A survey of articles on your website indicates that your company hired Anat Schwartz and Adam Sella, two of the article’s authors, after October 7. The former has a background in film and appears to work for an Israel state-run television network. Sella, who appears to be Schwartz’s nephew by marriage, was writing about beer fests for Wine Enthusiast before being conscripted into war reporting. I am deeply perplexed by The Times’ decision to hire two novices to cover the extremely sensitive issue of sexual violence, especially given that the charge of sexual violence has, in this case, become a pretext for the collective punishment of Gaza.

Jeffrey Gettleman is a concerning choice of author for this story. In a 2018 interview with The Times of Israel, he said Arabs and Muslims fail to distinguish between Jews and Israelis — a common Islamophobic trope. In a 2015 piece about Robert Mugabe published, he lifted quotes from a satirical magazine and attributed them to the late Zimbabwean president. In 2019, he interviewed a Rohingya rape survivor, with disastrous results.

It is important to emphasize that issues with the authors of a single Times article should not distract from the wider problem of the organization’s reporting on Palestine.
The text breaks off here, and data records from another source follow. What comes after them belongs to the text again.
(* Let $(B,g)$ be a feasible tradable credit scheme and let the travel times $\tau$ have a convex potential function. Then $\lambda\in\mathbb{R}_{\ge0}$ is a market equilibrium price if and only if $\lambda\in[\underline\lambda,\overline\lambda]$, where $\underline\lambda=\min\{\lambda\ge0:\exists x\in\mathrm{WE}(\lambda)\text{ with }G(x)\le B\}$ and $\overline\lambda=\sup\bigl(\{\lambda\ge0:\exists x\in\mathrm{WE}(\lambda)\text{ with }G(x)\ge B\}\cup\{0\}\bigr)$.
   Context: Let $G=(V,E)$ be a directed graph and $I$ a finite set of commodities; commodity $i$ has source $s_i$, sink $t_i$, demand $d_i>0$; $\mathcal P_i$ is its set of simple $s_i$–$t_i$ paths, $\mathcal P=\{(i,p)\}$. A flow $x\in\mathbb{R}^{\mathcal P}_{\ge0}$ is feasible if $\sum_{p\in\mathcal P_i}x_{i,p}=d_i$; $\mathcal F$ is the set of feasible flows; $x_e$ is the total flow on edge $e$. A tradable credit scheme is a pair $(B,g)$ with $B\ge0$ (number of credits) and credit charges $g_e\ge0$ for $e\in E$; $G(x)=\sum_eg_ex_e$. It is feasible if some $x\in\mathcal F$ has $G(x)\le B$. Travel times $\tau_{i,p}:\mathcal F\to\mathbb{R}$ have a convex potential: a convex differentiable $\Phi$ with $\tau_{i,p}(x)=\partial\Phi/\partial x_{i,p}(x)$ on $\mathcal F$. For $\lambda\ge0$, $c^\lambda_{i,p}(x)=\tau_{i,p}(x)+\lambda\sum_{e\in p}g_e$; $x\in\mathrm{WE}(\lambda)$ means $x\in\mathcal F$ and $x_{i,p}>0$ implies $c^\lambda_{i,p}(x)\le c^\lambda_{i,q}(x)$ for all $q\in\mathcal P_i$. A pair $(x,\lambda)$ with $x\in\mathcal F$, $\lambda\ge0$ is a market equilibrium if $x\in\mathrm{WE}(\lambda)$, $G(x)\le B$ and $\lambda(G(x)-B)=0$; then $\lambda$ is a market equilibrium price. *)

From HB Require Import structures.
From mathcomp Require Import all_boot all_order all_algebra.
From mathcomp Require Import boolp classical_sets reals constructive_ereal ereal.
Set Implicit Arguments. Unset Strict Implicit. Unset Printing Implicit Defensive.
Import Order.TTheory GRing.Theory Num.Theory.
Local Open Scope ring_scope.
Local Open Scope classical_set_scope.

Section TCS.
Variables (R : realType) (V : finType) (E : rel V) (I : finType) (s t : I -> V).

(* vertex sequences of length <= #|V| (every simple path fits) *)
Definition vpath := {n : 'I_(#|V|).+1 & n.-tuple V}.
Definition vseq (p : vpath) : seq V := tagged p.

Definition simple_path (a b : V) (q : seq V) : bool :=
  match q with
  | v :: q' => [&& v == a, path E v q', last v q' == b & uniq q]
  | [::] => false
  end.

Definition is_cpath (ip : I * vpath) : bool :=
  simple_path (s ip.1) (t ip.1) (vseq ip.2).

Definition cpath := {ip : I * vpath | is_cpath ip}.
Definition com (p : cpath) : I := (val p).1.
Definition pedges (p : cpath) : seq (V * V) :=
  let q := vseq (val p).2 in zip q (behead q).

Definition feasible_flow (d : I -> R) (x : cpath -> R) : Prop :=
  (forall p, 0 <= x p) /\ (forall i, \sum_(p : cpath | com p == i) x p = d i).

Definition edge_flow (x : cpath -> R) (e : V * V) : R :=
  \sum_(p : cpath | e \in pedges p) x p.

Definition Gtot (g : V -> V -> R) (x : cpath -> R) : R :=
  \sum_(e : V * V | E e.1 e.2) g e.1 e.2 * edge_flow x e.

Definition pcharge (g : V -> V -> R) (p : cpath) : R :=
  \sum_(e <- pedges p) g e.1 e.2.

Definition gcost (tau : (cpath -> R) -> cpath -> R) (g : V -> V -> R)
  (l : R) (x : cpath -> R) (p : cpath) : R := tau x p + l * pcharge g p.

Definition WE (d : I -> R) tau g (l : R) (x : cpath -> R) : Prop :=
  feasible_flow d x /\
  forall p q : cpath, com p = com q -> 0 < x p -> gcost tau g l x p <= gcost tau g l x q.

Definition feasible_scheme (d : I -> R) (B : R) (g : V -> V -> R) : Prop :=
  0 <= B /\ (forall u v, E u v -> 0 <= g u v) /\
  exists x, feasible_flow d x /\ Gtot g x <= B.

Definition market_eq (d : I -> R) tau g (B : R) (x : cpath -> R) (l : R) : Prop :=
  [/\ feasible_flow d x, 0 <= l, WE d tau g l x, Gtot g x <= B
    & l * (Gtot g x - B) = 0].

Definition market_eq_price d tau g B (l : R) : Prop :=
  exists x, market_eq d tau g B x l.

Definition has_gradient (Phi : (cpath -> R) -> R) (x D : cpath -> R) : Prop :=
  forall eps : R, 0 < eps -> exists2 delta : R, 0 < delta &
    forall y : cpath -> R, (forall p, `|y p - x p| <= delta) ->
      `|Phi y - Phi x - \sum_(p : cpath) D p * (y p - x p)|
        <= eps * \sum_(p : cpath) `|y p - x p|.

Definition convex_potential (d : I -> R) (tau : (cpath -> R) -> cpath -> R)
  (Phi : (cpath -> R) -> R) : Prop :=
  (forall x y (a : R), feasible_flow d x -> feasible_flow d y -> 0 <= a <= 1 ->
     Phi (fun p => a * x p + (1 - a) * y p) <= a * Phi x + (1 - a) * Phi y) /\
  (forall x, feasible_flow d x -> has_gradient Phi x (tau x)).

Definition low_set d tau g (B : R) : set R :=
  [set l | 0 <= l /\ exists x, WE d tau g l x /\ Gtot g x <= B].

Definition up_set d tau g (B : R) : set R :=
  [set l | 0 <= l /\ exists x, WE d tau g l x /\ B <= Gtot g x].

(* overline lambda, in the extended reals (may be +oo) *)
Definition lambda_bar d tau g (B : R) : \bar R :=
  ereal_sup ([set (l%:E) | l in up_set d tau g B] `|` [set 0%E]).

End TCS.

(* Fix a flow xs minimising the potential Phi over the compact convex set of
   feasible flows within the budget.  As Phi is a convex potential and G is
   linear, x is in WE(l) iff x minimises Phi + l G over all feasible flows;
   hence for any market equilibrium (x, l) the flow xs does as well as x, and
   (xs, l) is again a market equilibrium.  The equilibrium conditions at xs are
   affine in l, so these prices form an interval.  Its least element comes from
   an exchange argument at xs: moving flow between two pairs of paths in the
   proportion that keeps G fixed cannot decrease Phi.  Finally G is
   nonincreasing in l along equilibria, which makes the least price the minimum
   of the low set and bounds the interval by the supremum of the up set. *)

From HB Require Import structures.
From mathcomp Require Import all_boot all_order all_algebra.
From mathcomp Require Import boolp classical_sets functions reals constructive_ereal ereal.
From mathcomp Require Import topology normedtype derive.
From mathcomp Require Import ring lra.
Set Implicit Arguments. Unset Strict Implicit. Unset Printing Implicit Defensive.
Import Order.TTheory GRing.Theory Num.Theory.
Import numFieldNormedType.Exports.
Local Open Scope ring_scope.
Local Open Scope classical_set_scope.

(* Function spaces [T -> R] get the product topology (pointwise convergence). *)
Import ArrowAsProduct.

Section PointwiseTopology.
Variables (R : realFieldType) (T : finType).

Lemma near_coordwise (x : T -> R) (e : R) : 0 < e ->
  \forall y \near x, forall p, `|x p - y p| < e.
Proof.
move=> e0; apply: (@filter_forall _ _ _ (nbhs x)) => p.
have := @proj_continuous T (fun=> R) p x.
move=> /(_ [set r | `|x p - r| < e]); apply; apply/nbhs_ballP; exists e => // r; rewrite /ball /=.
Qed.
Section Embedding.
Variables (S1 S2 : InvSemigroup) (P1 : set S1) (P2 : set S2) (iota : S1 -> S2).
Hypothesis HI : fcover_embedding P1 P2 iota.
Local Notation Tmap := (Tmap P1 P2 iota).
Local Notation pullback := (pullback P1 iota).
Implicit Types (x y m : S1) (xi : set S2) (U V : set (set S1)).

Lemma emb_eq0 x : iota x = szero -> x = szero.
Proof. by rewrite -(emb0 HI) => /(emb_inj HI). Qed.

Lemma emb_leS x y : leS x y -> leS (iota x) (iota y).
Proof. by rewrite /leS -(embM HI) => ->. Qed.

Lemma emb_in x : P1 x -> P2 (iota x).
Proof.
move=> Px; have Hc : fcover P1 x [:: x].
  split=> [c [<-|[]]|y Py ny yx]; first by split=> //; apply: (semil_idem (emb_semil1 HI)).
  by exists x; split; [left | rewrite yx].
by have [H _] := emb_fcover HI Px Hc; exact: (H (iota x) (or_introl erefl)).1.
Qed.

Lemma emb_in_seq ys : in_P P1 ys -> in_P P2 (map iota ys).
Proof. by move=> Pys a /lin_map [y [Hy <-]]; apply/emb_in/Pys. Qed.

Lemma pullback_filter xi : is_filter P2 xi -> pullback xi !=set0 ->
  is_filter P1 (pullback xi).
Proof.
move=> Hxi [x0 [Px0 xix0]].
apply: (filter_intro (emb_semil1 HI) (x0 := x0)) => //.
- by move=> x [].
- by move=> [_]; rewrite (emb0 HI); apply: (filter_not0 Hxi).
- move=> x y [Px xix] Py xy; split=> //.
  exact: filter_up Hxi xix (emb_in Py) (emb_leS xy).
- move=> x y [Px xix] [Py xiy]; split; first exact: (semilM (emb_semil1 HI)).
  by rewrite (embM HI); exact: filter_meet Hxi xix xiy.
Qed.

(* If [m] were covered by its meets with [ys], then so would be [iota m] in
   [P2], and an ultrafilter witnessing tightness of [xi] would contain some
   [iota (m y)], hence [iota y]. *)
Lemma pullback_tight xi : Tight P2 xi -> pullback xi !=set0 -> Tight P1 (pullback xi).
Proof.
move=> [Hxi Txi] Hex; have Hr := pullback_filter Hxi Hex.
split=> // xs ys Pxs Pys [Hb1 Hb2].
have [x0 [Px0 xix0]] := Hex.
have [[Pm xim] _ mxs] := filter_foldr_meet (emb_semil1 HI) Hr (conj Px0 xix0) Hb1.
set m := foldr smul x0 xs in Pm xim mxs.
case: (fcover_or_orth (emb_semil1 HI) Pm Pys) => [/(emb_fcover HI Pm) HC|].
  have Pys2 := emb_in_seq Pys.
  have [W [HW [HW1 HW2]]] : exists W, is_ultrafilter P2 W /\ basic_nbhd [:: iota m] (map iota ys) W.
    apply: Txi => //; first by move=> a [<-|[]]; exact: emb_in.
    split=> [a [<-|[]] //|a /lin_map [y [Hy <-]] xiy].
    by apply: (Hb2 y Hy); split=> //; exact: Pys.
  have [c [/lin_map [c' [/lin_map [y [Hy <-]] <-]] Wc]] :=
    ultrafilter_fcover (emb_semil2 HI) HW (HW1 _ (or_introl erefl)) HC.
  exfalso; apply: (HW2 (iota y)); first by apply/lin_map; exists y.
  apply: filter_up (ultrafilter_filter HW) Wc (emb_in (Pys y Hy)) _.
  by rewrite (embM HI); apply/leS_mulr/(semil_idem (emb_semil2 HI))/emb_in/Pys.
move=> [z [Pz nz zm zys]].
have [U [HU Uz]] := ultrafilter_exists (emb_semil1 HI) Pz nz.
exists U; split=> //; split.
- move=> a Ha; apply: filter_up (ultrafilter_filter HU) Uz (Pxs a Ha) _.
  exact: leS_trans zm (mxs a Ha).
- move=> y Hy Uy; apply: (filter_not0 (ultrafilter_filter HU)).
  by rewrite -(zys y Hy); exact: filter_meet (ultrafilter_filter HU) Uz Uy.
Qed.

Lemma Tmap_Vset m ys : P1 m -> in_P P1 ys -> Tmap (Vset P1 m ys) = Vset P2 (iota m) (map iota ys).
Proof.
move=> Pm Pys; apply/seteqP; split.
- move=> xi [Txi _ [_ [[_ xim] Hys]]]; split=> //; split=> //.
  move=> a /lin_map [y [Hy <-]] xiy; apply: (Hys y Hy); split=> //; exact: Pys.
- move=> xi [Txi [xim Hys]].
  have Hex : pullback xi !=set0 by exists m.
  split=> //.
  split; first exact: pullback_tight.
  split; first by split.
  by move=> y Hy [_ xiy]; apply: (Hys (iota y)) => //; apply/lin_map; exists y.
Qed.

Lemma Tmap_lin_union l : Tmap (lin_union l) = lin_union (map Tmap l).
Proof.
apply/seteqP; split=> xi.
  move=> [Txi Hex [O [HO Oxi]]]; exists (Tmap O); split; first by apply/lin_map; exists O.
  by split.
by move=> [_ [/lin_map [O [HO <-]] [Txi Hex Oxi]]]; split=> //; exists O.
Qed.

Lemma Tmap_Tc U : Tc P1 U -> Tc P2 (Tmap U).
Proof.
move=> /(Tc_Vset_union (emb_semil1 HI)) [l [lV ->]].
rewrite Tmap_lin_union; apply: Tc_lin_union => O /lin_map [O' [/lV [m [ys [Pm Pys ->]]] <-]].
by rewrite Tmap_Vset //; apply: Vset_Tc; [exact: emb_semil2 HI | exact: emb_in | exact: emb_in_seq].
Qed.

Lemma ultrafilter_pullback w : is_ultrafilter P1 w ->
  exists W, is_ultrafilter P2 W /\ pullback W = w.
Proof.
move=> Hw; have Hwf := ultrafilter_filter Hw.
have Hi2 := semil_idem (emb_semil2 HI).
have wP2 a : w a -> P2 (iota a) by move=> /(filter_sub Hwf) /emb_in.
have [_ [w0 ww0] _ _ _] := Hwf.
pose F := [set y | P2 y /\ exists a, w a /\ leS (iota a) y].
have HF : is_filter P2 F.
  apply: (filter_intro (emb_semil2 HI) (x0 := iota w0)).
  - by move=> y [].
  - by split; [exact: wP2 | exists w0; split=> //; exact/Hi2/wP2].
  - by move=> [_ [a [wa /leS0 /emb_eq0 a0]]]; apply: (filter_not0 Hwf); rewrite -a0.
  - by move=> x y [Px [a [wa ax]]] Py xy; split=> //; exists a; split=> //; exact: leS_trans xy.
  - move=> x y [Px [a [wa ax]]] [Py [b [wb bx]]]; split; first exact: (semilM (emb_semil2 HI)).
    exists (a ⊙ b); split; first exact: filter_meet Hwf wa wb.
    by rewrite (embM HI); apply: (leS_mul2 _ _ ax bx); [exact: Hi2 | exact/Hi2/wP2].
have [W [HW FW]] := filter_ultrafilter_ext (emb_semil2 HI) HF.
have wW : w `<=` pullback W.
  move=> a wa; split; first exact: filter_sub Hwf _ wa.
  by apply: FW; split; [exact: wP2 | exists a; split=> //; exact/Hi2/wP2].
exists W; split=> //; apply: Hw.2 => //; apply: pullback_filter (ultrafilter_filter HW) _.
by exists w0; exact: wW.
Qed.

(* A tight filter of [U] outside [V] has a basic neighbourhood missing [V];
   it contains an ultrafilter, whose extension to [P2] lies in [Tmap U] but
   not in [Tmap V]. *)
Lemma Tmap_subset U V : Tc P1 U -> Tc P1 V -> Tmap U `<=` Tmap V -> U `<=` V.
Proof.
move=> [[UT Uopen] _] [[VT _] Vcomp] HUV eta Ueta; apply: contrapT => nVeta.
have [xs [ys [Pxs Pys Hb HbV]]] := compact_separated Vcomp VT (UT _ Ueta) nVeta.
have [xsU [ysU [PxsU PysU HbU HU]]] := Uopen eta Ueta.
have [om [Hom [Hom1 Hom2]]] :
    exists om, is_ultrafilter P1 om /\ basic_nbhd (xs ++ xsU) (ys ++ ysU) om.
  apply: (UT _ Ueta).2.
  - by move=> a /lin_cat [/Pxs|/PxsU].
  - by move=> a /lin_cat [/Pys|/PysU].
  split; first by move=> a /lin_cat [/Hb.1|/HbU.1].
  by move=> a /lin_cat [/Hb.2|/HbU.2].
have Uom : U om.
  apply: HU; first exact: ultrafilter_tight.
  by split=> a Ha; [apply: Hom1 | apply: Hom2]; apply/lin_cat; right.
have nVom : ~ V om.
  move=> /HbV; apply.
  by split=> a Ha; [apply: Hom1 | apply: Hom2]; apply/lin_cat; left.
have [W [HW EW]] := ultrafilter_pullback Hom.
have [_ [w0 omw0] _ _ _] := ultrafilter_filter Hom.
have : Tmap U W.
  apply/TmapE; split; [exact: ultrafilter_tight | | by rewrite EW].
  by rewrite EW; exists w0.
by move=> /HUV /TmapE [_ _]; rewrite EW.
Qed.

Lemma Tmap_inj U V : Tc P1 U -> Tc P1 V -> Tmap U = Tmap V -> U = V.
Proof.
by move=> HU HV E; apply/seteqP; split; apply: Tmap_subset; rewrite // E.
Qed.

End Embedding.

Section ConjFilter.
Variable S : InvSemigroup.
Implicit Types (t w x y z : S) (xi : set S).
Local Notation E := (@Eset S).

(* The filter generated by [t^* xi t], i.e. the preimage of [xi] under [x |-> t x t^*]. *)
Definition conj_filter xi t : set S :=
  [set y | idem y /\ exists z, [/\ xi z, leS z (t ⊙ sinv t) & leS (sinv t ⊙ z ⊙ t) y]].

Lemma conj_filter_back xi t y : is_filter E xi -> conj_filter xi t y -> xi (t ⊙ y ⊙ sinv t).
Proof.
move=> Hxi [Hy [z [xiz zt zy]]].
have Hz : idem z by apply: (filter_sub Hxi).
apply: filter_up Hxi xiz (conj_idem t Hy) _.
by rewrite -{1}(conj_cancel Hz zt); apply: conj_mono zy; apply: conj_sinv_idem.
Qed.

Lemma conj_filter_in xi t w : xi w -> idem w -> leS w (t ⊙ sinv t) ->
  conj_filter xi t (sinv t ⊙ w ⊙ t).
Proof. by move=> xiw Hw wt; have Hc := conj_sinv_idem t Hw; split=> //; exists w. Qed.

Lemma conj_filter_dom xi t : xi (t ⊙ sinv t) -> conj_filter xi t (sinv t ⊙ t).
Proof.
move=> xit; split; first exact: idem_sinvs.
by exists (t ⊙ sinv t); split=> //; [exact: idem_ssinv | rewrite /leS !smulA !sinv_r].
Qed.

Lemma conj_filter_filter xi t : is_filter E xi -> xi (t ⊙ sinv t) ->
  is_filter E (conj_filter xi t).
Proof.
move=> Hxi xit; apply: (filter_intro (Eset_semil S) (x0 := sinv t ⊙ t)).
- by move=> y [].
- exact: conj_filter_dom.
- move=> [_ [z [xiz zt /leS0 z0]]]; apply: (filter_not0 Hxi).
  have Hz : idem z by apply: (filter_sub Hxi).
  by rewrite -(conj_cancel Hz zt) z0 smul0r smul0l in xiz.
- move=> a b [Ha [z [xiz zt za]]] Hb ab; split=> //; exists z; split=> //; exact: leS_trans ab.
- move=> a b [Ha [z1 [xiz1 z1t z1a]]] [Hb [z2 [xiz2 z2t z2b]]]; split; first exact: idemM.
  have Hz1 : idem z1 by apply: (filter_sub Hxi).
  have Hz2 : idem z2 by apply: (filter_sub Hxi).
  exists (z1 ⊙ z2); split; first exact: filter_meet Hxi xiz1 xiz2.
    by apply: leS_trans z1t; exact: leS_mull.
  by rewrite -conj_sinv_mulE //; apply: leS_mul2 => //; exact: conj_sinv_idem.
Qed.

(* Conjugating back by [t^*] recovers [om], so maximality transfers. *)
Lemma conj_filter_ultra om t : is_ultrafilter E om -> om (t ⊙ sinv t) ->
  is_ultrafilter E (conj_filter om t).
Proof.
move=> Hom omt; have Homf := ultrafilter_filter Hom.
split; first exact: conj_filter_filter; move=> F HF sub.
have Ftt : F (sinv t ⊙ t) by apply/sub/conj_filter_dom.
have HF' : is_filter E (conj_filter F (sinv t)) by apply: conj_filter_filter; rewrite // sinvK.
have omF' : om `<=` conj_filter F (sinv t).
  move=> w omw; have Hw : idem w by apply: (filter_sub Homf).
  split=> //; exists (sinv t ⊙ w ⊙ t); rewrite sinvK; split.
  - apply: sub.
    have -> : sinv t ⊙ w ⊙ t = sinv t ⊙ (w ⊙ (t ⊙ sinv t)) ⊙ t.
      by rewrite !smulA -(smulA _ t (sinv t)) -(smulA _ (t ⊙ sinv t)) sinv_l.
    apply: conj_filter_in; first exact: filter_meet Homf omw omt.
      exact: idemM (idem_ssinv t).
    exact: leS_mulr (idem_ssinv t).
  - exact: conj_sinv_le.
  - by have := conj_back (sinv t) Hw; rewrite sinvK => ->; exact: leS_mulr.
have F'om : conj_filter F (sinv t) = om by apply: Hom.2.
apply/seteqP; split=> // y Fy; have Hy : idem y by apply: (filter_sub HF).
set y' := y ⊙ (sinv t ⊙ t).
have Hy' : idem y' := idemM Hy (idem_sinvs t).
have omy' : om (t ⊙ y' ⊙ sinv t).
  rewrite -F'om; have := conj_filter_in (t := sinv t) (filter_meet HF Fy Ftt) Hy'.
  by rewrite sinvK; apply; exact: leS_mulr (idem_sinvs t).
split=> //; exists (t ⊙ y' ⊙ sinv t); split=> //; first exact: conj_le.
rewrite conj_back //; apply: leS_trans (leS_mulr _ Hy') _.
exact: leS_mull Hy (idem_sinvs t).
Qed.

Lemma conj_filter_tight xi t : Tight E xi -> xi (t ⊙ sinv t) -> Tight E (conj_filter xi t).
Proof.
move=> [Hxi Txi] xit; split; first exact: conj_filter_filter.
move=> xs ys Pxs Pys [Hb1 Hb2].
have [om [Hom [Hom1 Hom2]]] : exists U, is_ultrafilter E U /\
   basic_nbhd (t ⊙ sinv t :: map (fun x => t ⊙ x ⊙ sinv t) xs)
     (map (fun y => t ⊙ y ⊙ sinv t) ys) U.
  apply: Txi.
  - move=> a [<-|/lin_map [x [Hx <-]]]; [exact: idem_ssinv | exact: conj_idem (Pxs x Hx)].
  - by move=> a /lin_map [x [Hx <-]]; exact: conj_idem (Pys x Hx).
  split; first by move=> a [<-|/lin_map [x [Hx <-]]] //; exact: conj_filter_back Hxi (Hb1 x Hx).
  move=> a /lin_map [y [Hy <-]] xiy; apply: (Hb2 y Hy).
  have Hyi : idem y := Pys y Hy.
  split=> //; exists (t ⊙ y ⊙ sinv t); split=> //; first exact: conj_le.
  by rewrite conj_back //; exact: leS_mulr.
exists (conj_filter om t); split; first by apply: conj_filter_ultra => //; apply: Hom1; left.
split.
  move=> x Hx; have Hxx : idem x := Pxs x Hx.
  split=> //; exists (t ⊙ x ⊙ sinv t); split; last by rewrite conj_back //; exact: leS_mulr.
  - by apply: Hom1; right; apply/lin_map; exists x.
  - exact: conj_le.
move=> y Hy omy; apply: (Hom2 (t ⊙ y ⊙ sinv t)); first by apply/lin_map; exists y.
exact: conj_filter_back (ultrafilter_filter Hom) omy.
Qed.
(* Consider the drift-less setting with target $\rho_d=|\Psi\rangle\langle\Psi|$, and suppose $\rho_d$ is not DQLS. Suppose a QL Hamiltonian $H_c$ and QL noise operators $\{D_k\}$, in standard form with respect to $|\Psi\rangle$ ($D_k|\Psi\rangle=0$ for all $k$, $H_c|\Psi\rangle=h|\Psi\rangle$ with $h\in\mathbb R$), make $\rho_d$ GAS for $\mathcal L(H_c,\{D_k\})$. Then $\mathcal H_d=\mathrm{span}\{|\Psi\rangle\}$ is invariant under $H_c$, and there is no nonzero subspace $\mathcal K\subseteq\mathcal H_0$ with $\mathcal K\neq\mathcal H_d$ and $H_c\mathcal K\subseteq\mathcal K$. Moreover, $H_c'=H_c-hI$ is a QL Hamiltonian with $H_c'|\Psi\rangle=0$ and $\rho_d$ is GAS for $\mathcal L(H_c',\{D_k\})$.
   Context: $\mathcal H=\bigotimes_{a=1}^n\mathcal H_a$ finite-dimensional with neighborhoods $\mathcal N_k\subsetneq\{1,\dots,n\}$. QL operator: $X_{\mathcal N_k}\otimes I_{\bar{\mathcal N}_k}$; QL Hamiltonian: sum of Hermitian QL operators. $\mathcal L(H,\{D_k\})(\rho)=-i[H,\rho]+\sum_k(D_k\rho D_k^\dagger-\frac12\{D_k^\dagger D_k,\rho\})$. GAS: $e^{\mathcal Lt}(\rho_0)\to\rho_d$ for every density operator $\rho_0$. $\rho_d$ is DQLS if there exist QL operators $D_k$ with $D_k|\Psi\rangle=0$ making $\rho_d$ GAS for $\mathcal L(0,\{D_k\})$. With $\rho_{\mathcal N_k}=\mathrm{Tr}_{\bar{\mathcal N}_k}\rho_d$, define $\mathcal H_0=\bigcap_k\mathrm{supp}(\rho_{\mathcal N_k}\otimes I_{\bar{\mathcal N}_k})$. *)

From Stdlib Require Import Reals Lra Lia List Arith.
Open Scope R_scope.

Record Cplx := mkC { re : R; im : R }.
Definition Czero : Cplx := mkC 0 0.
Definition Cone : Cplx := mkC 1 0.
Definition Ci : Cplx := mkC 0 1.
Definition RtoC (r : R) : Cplx := mkC r 0.
Definition Cadd (a b : Cplx) : Cplx := mkC (re a + re b) (im a + im b).
Definition Cneg (a : Cplx) : Cplx := mkC (- re a) (- im a).
Definition Csub (a b : Cplx) : Cplx := Cadd a (Cneg b).
Definition Cmul (a b : Cplx) : Cplx :=
  mkC (re a * re b - im a * im b) (re a * im b + im a * re b).
Definition Cconj (a : Cplx) : Cplx := mkC (re a) (- im a).

Fixpoint Csum (n : nat) (f : nat -> Cplx) : Cplx :=
  match n with O => Czero | S m => Cadd (Csum m f) (f m) end.

(** * Vectors and matrices of dimension D (entries outside [0,D) are ignored) *)
Definition Vec := nat -> Cplx.
Definition Mat := nat -> nat -> Cplx.

Definition veq (D : nat) (x y : Vec) : Prop := forall i, (i < D)%nat -> x i = y i.
Definition meq (D : nat) (A B : Mat) : Prop :=
  forall i j, (i < D)%nat -> (j < D)%nat -> A i j = B i j.

Definition vzero : Vec := fun _ => Czero.
Definition vadd (x y : Vec) : Vec := fun i => Cadd (x i) (y i).
Definition vscale (c : Cplx) (x : Vec) : Vec := fun i => Cmul c (x i).
Definition mv (D : nat) (A : Mat) (x : Vec) : Vec :=
  fun i => Csum D (fun k => Cmul (A i k) (x k)).

Definition mzero : Mat := fun _ _ => Czero.
Definition mid : Mat := fun i j => if Nat.eqb i j then Cone else Czero.
Definition madd (A B : Mat) : Mat := fun i j => Cadd (A i j) (B i j).
Definition msub (A B : Mat) : Mat := fun i j => Csub (A i j) (B i j).
Definition mscale (c : Cplx) (A : Mat) : Mat := fun i j => Cmul c (A i j).
Definition mmul (D : nat) (A B : Mat) : Mat :=
  fun i j => Csum D (fun k => Cmul (A i k) (B k j)).
Definition adj (A : Mat) : Mat := fun i j => Cconj (A j i).
Definition herm (D : nat) (A : Mat) : Prop := meq D A (adj A).

Definition ketbra (psi : Vec) : Mat := fun i j => Cmul (psi i) (Cconj (psi j)).
Definition inner (D : nat) (x y : Vec) : Cplx := Csum D (fun i => Cmul (Cconj (x i)) (y i)).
Between its failure to attribute a genocidal bombing campaign to the perpetrator and its regurgitation of the Israeli military’s unsubstantiated claims linking UNRWA to Hamas while Palestinians in North Gaza starve to death, The Times has proven over the past four months, and indeed, over many brutal years of Israeli occupation and siege, to be completely incapable of covering Palestine.

I have no doubt that I am far from the only person who finds themselves in my position. Until The New York Times commits to a comprehensive, top-to-bottom overhaul of its coverage, I will no longer be able to continue to support The Times financially or to trust it as a source of news — about Palestine or anything else.